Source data
━━━━━━━━━━━━━━━━━━━━━━━━━━━━━━

(* Let $X=[0,1[$, let $\widehat{\operatorname{PC}^{\bowtie}}$ be the group of all bijections $X\to X$ that are continuous outside a finite subset of $X$, and let $\operatorname{PC}^{\bowtie}=\widehat{\operatorname{PC}^{\bowtie}}/{\mathfrak S}_{\mathrm{fin}}$. Let $G$ be any subgroup of $\operatorname{PC}^{\bowtie}$. Then the Kapoudjian class of $G$ is zero; that is, the central extension $0\to \mathbb{Z}/2\mathbb{Z}={\mathfrak S}_{\mathrm{fin}}/{\mathfrak A}_{\mathrm{fin}}\to \widehat{G}/{\mathfrak A}_{\mathrm{fin}}\to G\to 1$ splits.
   Context: ${\mathfrak S}_{\mathrm{fin}}$ denotes the group of finitely supported permutations of $X$ (a normal subgroup of $\widehat{\operatorname{PC}^{\bowtie}}$ and of the group ${\mathfrak S}(X)$ of all bijections of $X$), and ${\mathfrak A}_{\mathrm{fin}}$ its subgroup of even permutations (kernel of the classical signature), which is normal in ${\mathfrak S}(X)$. For a subgroup $G$ of ${\mathfrak S}(X)/{\mathfrak S}_{\mathrm{fin}}$, $\widehat{G}$ denotes its inverse image in ${\mathfrak S}(X)$. The Kapoudjian class of $G$ is the class in $H^2(G,\mathbb{Z}/2\mathbb{Z})$ of the central extension $0\to {\mathfrak S}_{\mathrm{fin}}/{\mathfrak A}_{\mathrm{fin}}\cong\mathbb{Z}/2\mathbb{Z}\to \widehat{G}/{\mathfrak A}_{\mathrm{fin}}\to G\to 1$. *)

From Stdlib Require Import Reals List Arith.
Open Scope R_scope.

Definition X : Type := {x : R | 0 <= x < 1}.
Definition xval (x : X) : R := proj1_sig x.

Definition Xmap := X -> X.
Definition comp (g h : Xmap) : Xmap := fun x => g (h x).
Definition is_inverse (f g : Xmap) : Prop :=
  (forall x, g (f x) = x) /\ (forall x, f (g x) = x).
Definition is_bij (f : Xmap) : Prop := exists g, is_inverse f g.

Definition cont_at (f : Xmap) (x : X) : Prop :=
  forall eps, 0 < eps -> exists delta, 0 < delta /\
    forall y : X, Rabs (xval y - xval x) < delta ->
      Rabs (xval (f y) - xval (f x)) < eps.

Definition PC_hat (f : Xmap) : Prop :=
  is_bij f /\ exists F : list X, forall x, ~ In x F -> cont_at f x.

Definition S_fin (f : Xmap) : Prop :=
  is_bij f /\ exists l : list X, forall x, f x <> x -> In x l.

━━━━━━━━━━━━━━━━━━━━━━━━━━━━━━

▸ **EXERCISE DIRECTIONS**
Your output should be the lines from the one with "forall y : X, Rabs" through the last line of the entries above, copied exactly and nothing more.

▸ **RESULT OF THIS TASK**
    forall y : X, Rabs (xval y - xval x) < delta ->
      Rabs (xval (f y) - xval (f x)) < eps.

Definition PC_hat (f : Xmap) : Prop :=
  is_bij f /\ exists F : list X, forall x, ~ In x F -> cont_at f x.

Definition S_fin (f : Xmap) : Prop :=
  is_bij f /\ exists l : list X, forall x, f x <> x -> In x l.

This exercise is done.